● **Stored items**
'''

(* Let $n$ be even and $f:\mathbb{F}_{2^n}\to\mathbb{F}_{2^n}$ be an APN map with $f(0)=0$ such that every $y\in\mathrm{Im}(f)\setminus\{0\}$ has at least 3 preimages. Then $f$ is almost-3-to-1.
   Context: $f$ is APN if for every $a\neq 0$ and every $b$ the equation $f(x+a)+f(x)=b$ has at most 2 solutions. $f$ is almost-3-to-1 if there is a unique element of $\mathrm{Im}(f)$ with exactly one preimage and every other element of $\mathrm{Im}(f)$ has exactly 3 preimages. *)

From HB Require Import structures.
From mathcomp Require Import all_boot all_order all_algebra all_field.
Set Implicit Arguments. Unset Strict Implicit. Unset Printing Implicit Defensive.
Import GRing.Theory.
Local Open Scope ring_scope.

Definition npre (F : finFieldType) (f : F -> F) (y : F) : nat :=
  #|[set x : F | f x == y]|.

Definition APN (F : finFieldType) (f : F -> F) : Prop :=
  forall a b : F, a != 0 -> (#|[set x : F | (f (x + a) + f x == b)%R]| <= 2)%N.

Definition almost_3_to_1 (F : finFieldType) (f : F -> F) : Prop :=
  exists y0 : F, [/\ y0 \in codom f, npre f y0 = 1%N &
    forall y, y \in codom f -> y != y0 -> npre f y = 3%N].

(* The number of pairs (x, z) with f x = f z is
   sum_x npre f (f x); writing z = x + a it is also sum_a #{x | f (x+a) = f x}.
   The term a = 0 is q = #|F|, and for a <> 0, in characteristic 2, the set
   counted is the solution set of f(x+a) + f x = 0, of size at most 2 by the
   APN property; so the sum is at most 3q - 2.  Splitting the sum over the
   fiber of 0 (size m) and its complement (size L = q - m, fibers >= 3)
   forces m in {1, 2} and all other fibers of size exactly 3.  Hence 3 | L,
   and since q = 2^n = 1 (mod 3) for n even, m = 1 (mod 3), so m = 1. *)

From mathcomp Require Import all_boot all_order all_algebra all_field zify.
Set Implicit Arguments. Unset Strict Implicit. Unset Printing Implicit Defensive.
Import GRing.Theory.

Lemma card_set_sum (T : finType) (P : pred T) :
  #|[set x | P x]| = \sum_x (P x : nat).
Proof. by rewrite -sum1dep_card big_mkcond. Qed.

Lemma sum_npre_translates (F : finFieldType) (f : F -> F) :
  \sum_x npre f (f x) = \sum_a #|[set x | f (x + a)%R == f x]|.
Proof.
have fiber x : npre f (f x) = \sum_a (f (x + a)%R == f x : nat).
  by rewrite /npre card_set_sum (reindex_inj (addrI x)).
rewrite (eq_bigr _ (fun x _ => fiber x)) exchange_big.
by apply: eq_bigr => a _; rewrite card_set_sum.
Qed.

(* In characteristic 2, [f (x + a) = f x] iff [f (x + a) + f x = 0], so an
   APN map has at most two such [x] for each [a <> 0]; with [a = 0] this bounds
   the number of coincident pairs by [q + 2 (q - 1)]. *)
Lemma sum_npre_APN_le (F : finFieldType) (f : F -> F) :
  (2 \in [pchar F])%R -> APN f -> \sum_x npre f (f x) <= #|F| + #|F|.-1 * 2.
Proof.
move=> ch2 hAPN; rewrite sum_npre_translates (bigD1 0%R) //= leq_add //.
  exact: max_card.
rewrite -(cardC1 0%R) -sum_nat_const.
apply: leq_sum => a a0.
have -> : [set x | f (x + a)%R == f x] = [set x | (f (x + a) + f x == 0)%R].
  by apply/setP => x; rewrite !inE addr_eq0 oppr_pchar2.
exact: hAPN.
Qed.

Lemma npre_add_card_other (F : finFieldType) (f : F -> F) (y0 : F) :
  npre f y0 + #|[set x | f x != y0]| = #|F|.
Proof.
rewrite /npre -(cardsC [set x | f x == y0]); congr (_ + _).
by apply: eq_card => x; rewrite !inE.
Qed.

Lemma sum_npre_split (F : finFieldType) (f : F -> F) (y0 : F) :
  \sum_x npre f (f x) = npre f y0 ^ 2 + \sum_(x | f x != y0) npre f (f x).
Proof.
rewrite (bigID (fun x => f x == y0)) /=; congr (_ + _).
rewrite (eq_bigr (fun=> npre f y0)) => [|x /eqP -> //].
by rewrite sum_nat_cond_const.
Qed.

Lemma eq_of_sum_le (T : finType) (P : pred T) (g : T -> nat) (k : nat) :
  (forall i, P i -> k <= g i) -> \sum_(i | P i) g i <= #|[set i | P i]| * k ->
  forall i, P i -> g i = k.
Proof.
move=> g_ge sum_le i Pi; apply/eqP; rewrite eqn_leq g_ge // andbT.
have no_excess : \sum_(j | P j) (g j - k) == 0.
  by rewrite sumnB // sum_nat_cond_const subn_eq0.
by move: no_excess; rewrite sum_nat_eq0 -subn_eq0 => /forall_inP->.
Qed.

(* If all image values other than [y0] have [k] preimages, then [k] divides
   the number of points outside the fiber of [y0], a disjoint union of such
   fibers. *)
Lemma dvdn_card_regular_fibers (F : finFieldType) (f : F -> F) (y0 : F) (k : nat) :
  (forall y, y \in codom f -> y != y0 -> npre f y = k) ->
  k %| #|[set x | f x != y0]|.
Proof.
move=> fib; rewrite -sum1dep_card (partition_big f (fun y => y != y0)) //=.
apply: dvdn_sum => y yy0; rewrite sum1dep_card.
have -> : [set x | (f x != y0) && (f x == y)] = [set x | f x == y].
  by apply/setP => x; rewrite !inE; case: (f x =P y) => [->|_]; rewrite ?yy0 ?andbF.
have [/codomP [x fx] | y_out] := boolP (y \in codom f).
  by subst y; move: (fib _ (codom_f f x) yy0); rewrite /npre => ->.
rewrite (_ : [set x | f x == y] = set0) ?cards0 ?dvdn0 //.
by apply/setP => x; rewrite !inE; apply: contraNF y_out => /eqP <-; exact: codom_f.
Qed.

(* [2^(2k) = 4^k = 1 (mod 3)]. *)
Lemma expn2_even_mod3 (n : nat) : ~~ odd n -> 2 ^ n = 1 %[mod 3].
Proof.
move=> n_even; rewrite -[n]odd_double_half (negbTE n_even) add0n -muln2 mulnC.
by rewrite expnM -modnXm /= exp1n.
Qed.

Lemma npre_codom_gt0 (F : finFieldType) (f : F -> F) (y : F) :
  y \in codom f -> 0 < npre f y.
Proof. by case/codomP=> x ->; rewrite card_gt0; apply/set0Pn; exists x; rewrite inE. Qed.

(* With
   [m = npre f y0] and [L] the number of points outside that fiber, the fiber
   sizes sum to [m^2 + K] with [3 L <= K], while [q = m + L] and the APN bound
   give [m^2 + K <= 3 q - 2]; hence [(m - 1)(m - 2) <= 0] and [K <= 3 L]. *)
Lemma APN_fiber_sizes (F : finFieldType) (f : F -> F) (y0 : F) :
  (2 \in [pchar F])%R -> APN f -> y0 \in codom f ->
  (forall y, y \in codom f -> y != y0 -> 3 <= npre f y) ->
  0 < npre f y0 <= 2 /\ forall y, y \in codom f -> y != y0 -> npre f y = 3.
Proof.
move=> ch2 hAPN y0_im ge3.
set m := npre f y0; set L := #|[set x | f x != y0]|.
set K := \sum_(x | f x != y0) npre f (f x).
have card_split : m + L = #|F| := npre_add_card_other f y0.
have K_ge : L * 3 <= K.
  by rewrite -sum_nat_cond_const; apply: leq_sum => x fx; apply: ge3; rewrite ?codom_f.
have K_le : m ^ 2 + K <= #|F| + #|F|.-1 * 2.
  by rewrite -sum_npre_split sum_npre_APN_le.
have m_pos : 0 < m by apply: npre_codom_gt0.
have quadratic : 3 * m <= m ^ 2 + 2 by case: (m) => [|[|k]] //; nia.
split; first by apply/andP; split; nia.
move=> _ /codomP [x ->] fx.
apply: (@eq_of_sum_le _ (fun x => f x != y0) (fun x => npre f (f x))) => //.
  by move=> z fz; apply: ge3; rewrite ?codom_f.
by rewrite -/K -/L; nia.
Qed.

Local Open Scope ring_scope.

(* Proposition 4.7.  The core lemma leaves [npre f 0] in [{1, 2}] and makes
   all nonzero fibers of size 3, so [3] divides the number of points outside
   [f^-1(0)]; as [2^n = 1 (mod 3)] for even [n], [npre f 0 = 1 (mod 3)]. *)
Theorem proposition4p7 (F : finFieldType) (n : nat) (f : F -> F) :
  #|F| = (2 ^ n)%N -> ~~ odd n ->
  APN f -> f 0 = 0 ->
  (forall y, y \in codom f -> y != 0 -> (3 <= npre f y)%N) ->
  almost_3_to_1 f.
Proof.
move=> card_F n_even hAPN f0 ge3.
have zero_im : 0 \in codom f by rewrite -f0 codom_f.
have [/andP [zero_fiber_pos zero_fiber_le2] fibers3] :=
  APN_fiber_sizes (card_finPcharP card_F isT) hAPN zero_im ge3.
have /dvdnP [k card_nonzero] := dvdn_card_regular_fibers fibers3.
have zero_fiber1 : npre f 0 = 1%N.
  have := expn2_even_mod3 n_even.
  by rewrite -card_F -(npre_add_card_other f 0) card_nonzero; lia.
by exists 0; split.
Qed.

'''

● **ABOUT THIS EXERCISE**
What lines in the data include the string "Definition"? Copy each one.

● **TASK SOLUTION**
Definition npre (F : finFieldType) (f : F -> F) (y : F) : nat :=
Definition APN (F : finFieldType) (f : F -> F) : Prop :=
Definition almost_3_to_1 (F : finFieldType) (f : F -> F) : Prop :=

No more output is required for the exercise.